A proposal by Chris Cook:

"Private credit creation got out of hand and created monstrous bubbles in property prices, and left a legacy of unsustainable debt; imbalance of wealth; general shortage of purchasing power and systemic shortage of bank capital, which has indefinitely crippled the 21st century system of public and private credit upon which rely.

The solution is to create a system of 'guarantee society' agreements whereby businesses and individuals may extend credit directly (or 'Peer to Peer') and this credit will be backed by a mutual guarantee agreement.

It was Stalin who said: 'Trust, but Validate' , and validation for such a mutual guarantee would come from a combination of user subscription (to cover costs) and a charge to both sellers and buyers for the use of the the guarantee.

This is close to how the present VISA system operates. There are no deposits in this credit clearing system: and substantial transaction charges are made upon sellers, while buyers pay interest on outstanding balances.

Peer to Peer credit would essentially be a community VISA system owned in common and operating 'not for loss'

As for 'Guarantee Societies', these have quietly existed in the City for almost 140 years, where P & I Clubs share pooled risk – such as the risk of shipping losses – in a system which has been managed by the same service provider for 135 years.

Any asset owner may – and many do - extend undated credit redeemable in payment for the use value of production of his asset, but this tends to be restricted to private businesses.

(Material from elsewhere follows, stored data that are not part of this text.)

Lemma dep_wrt_rowwise (F : fieldType) m n k (A : 'M[F]_(m, n)) (S : {set 'I_n})
    (v : 'I_k -> 'cV[F]_m) :
  dep_wrt A S v <->
  exists c : 'I_n -> F, (exists j, j \in S /\ c j != 0) /\
    exists d : 'I_k -> F,
      forall r, \sum_(j in S) c j * A r j = \sum_(i < k) d i * v i r 0.
Proof.
have colE (c : 'I_n -> F) r :
    (\sum_(j in S) c j *: col j A) r 0 = \sum_(j in S) c j * A r j.
  by rewrite summxE; apply: eq_bigr => j _; rewrite !mxE.
have vecE (d : 'I_k -> F) r : (\sum_(i < k) d i *: v i) r 0 = \sum_(i < k) d i * v i r 0.
  by rewrite summxE; apply: eq_bigr => i _; rewrite !mxE.
have rowsE c d : \sum_(j in S) c j *: col j A = \sum_(i < k) d i *: v i <->
                 forall r, \sum_(j in S) c j * A r j = \sum_(i < k) d i * v i r 0.
  split=> [E r | E]; first by rewrite -colE -vecE E.
  by apply/matrixP => r z; rewrite ord1 colE vecE.
split=> [[c [nz [d /rowsE E]]] | [c [nz [d E]]]]; exists c; split=> //; exists d.
  exact: E.
exact/rowsE.
Qed.

Section MatrixStructure.
Variables (F : finFieldType) (m n : nat) (A : 'M[F]_(m, n)).

Lemma vvec_memE (Q : F -> {set 'I_m}) r a :
  virtual_column Q -> (r \in Q a) = (vvec Q r 0 == a).
Proof.
case=> disj cover; rewrite mxE; case: pickP => [b rb | none] /=; last first.
  by have [c rc] := cover r; rewrite none in rc.
apply/idP/eqP => [ra | <- //]; case: (eqVneq b a) => // neq_ba.
by rewrite (disjointFr (disj _ _ neq_ba) rb) in ra.
Qed.

Lemma inl_row_set (T : {set 'I_m}) r : (inl r \in @row_set m n T) = (r \in T).
Proof. exact/mem_imset/inl_inj. Qed.

Lemma inr_col_set (S : {set 'I_n}) j : (inr j \in @col_set m n S) = (j \in S).
Proof. exact/mem_imset/inr_inj. Qed.

Lemma card_col_entries S (lab : 'I_m + 'I_n -> F) r ae :
  #|[set u in col_set S | (lab u == ae.1) && entry_rel A ae.2 (inl r) u]|
  = #|[set j in S | (lab (inr j), A r j) == ae]|.
Proof.
rewrite -(card_imset _ (@inr_inj 'I_m 'I_n)); apply: eq_card => -[i | j]; rewrite !inE.
  by apply/idP/idP => [/and3P [] | /imsetP [x _ []]].
rewrite (inr_col_set S j) (mem_imset _ _ (@inr_inj 'I_m 'I_n)) inE.
by case: ae => a e; rewrite xpair_eqE.
Qed.

Lemma sum_col_entries S (lab : 'I_m + 'I_n -> F) r :
  \sum_(ae : F * F) ae.1 * ae.2
     * #|[set u in col_set S | (lab u == ae.1) && entry_rel A ae.2 (inl r) u]|%:R
  = \sum_(j in S) lab (inr j) * A r j.
Proof. by under eq_bigr do rewrite card_col_entries; apply: sum_pair_counts. Qed.

Lemma labelled_dep_SA k S (Q : 'I_k -> F -> {set 'I_m}) :
  (forall i, virtual_column (Q i)) ->
  @labelled_dep F k (SA A) (col_set S) (fun i a => row_set (Q i a)) <->
  exists c : 'I_n -> F, (exists j, j \in S /\ c j != 0) /\
    exists d : 'I_k -> F,
      forall r, \sum_(j in S) c j * A r j = \sum_(i < k) d i * vvec (Q i) r 0.
Proof.
move=> HQ; split=> [[lab [[u uS nz] [d rows]]] | [c [[j [jS nz]] [d rows]]]].
  exists (fun j => lab (inr j)); split.
    by case/imsetP: uS => j jS uj; exists j; rewrite -uj.
  exists d => r; have [w wQ E] := rows (inl r) isT.
  rewrite -(sum_col_entries S lab r) [LHS]E; apply: eq_bigr => i _; congr (_ * _).
  by have := wQ i; rewrite inl_row_set vvec_memE // => /eqP ->.
exists (fun u => if u is inr j then c j else 0); split.
  by exists (inr j); rewrite ?inr_col_set.
exists d => -[r _ | //]; exists (fun i => vvec (Q i) r 0) => [i | ].
  by rewrite inl_row_set (vvec_memE _ _ (HQ i)).
by rewrite sum_col_entries; apply: rows.
Qed.

End MatrixStructure.

Theorem lemma9 (F : finFieldType) (k : nat) :
  exists Dep : cmso F,
    forall (m n : nat) (A : 'M[F]_(m, n)) (S : {set 'I_n})
           (Q : 'I_k -> F -> {set 'I_m}),
      (forall i, virtual_column (Q i)) ->
      forall (fo : nat -> carrier (SA A))
             (so : nat -> {set carrier (SA A)}),
        so var_X = col_set S ->
        (forall (i : 'I_k) (a : F), so (var_Y i a) = row_set (Q i a)) ->
        (dep_wrt A S (fun i => vvec (Q i)) <-> sat fo so Dep).
Proof.
exists (Dep F k) => m n A S Q HQ fo so HX HY.
by rewrite dep_wrt_rowwise (sat_Dep fo HX HY) labelled_dep_SA.
Qed.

The innovation proposed is for owners of land & buildings, to issue undated credits redeemable in payment for rental value: eg a £1.00 Rent Credit. These would be sold or exchanged for value at a suitable discount, so that a £1.00 credit sold for 80p would give a 25% return. But the rate of that return would depend upon whether there is a complete building; the actual rental charged; whether there is an occupier; and whether he he is willing and able to pay the rental.

This is direct 'Peer to Asset Credit, and while there is a return, which comes from the use of the land and the capital invested in it, there is no payment of money for the use of money (compound interest). Such credit will out-compete conventional credit, because exchanging value for nothing is simply inefficient."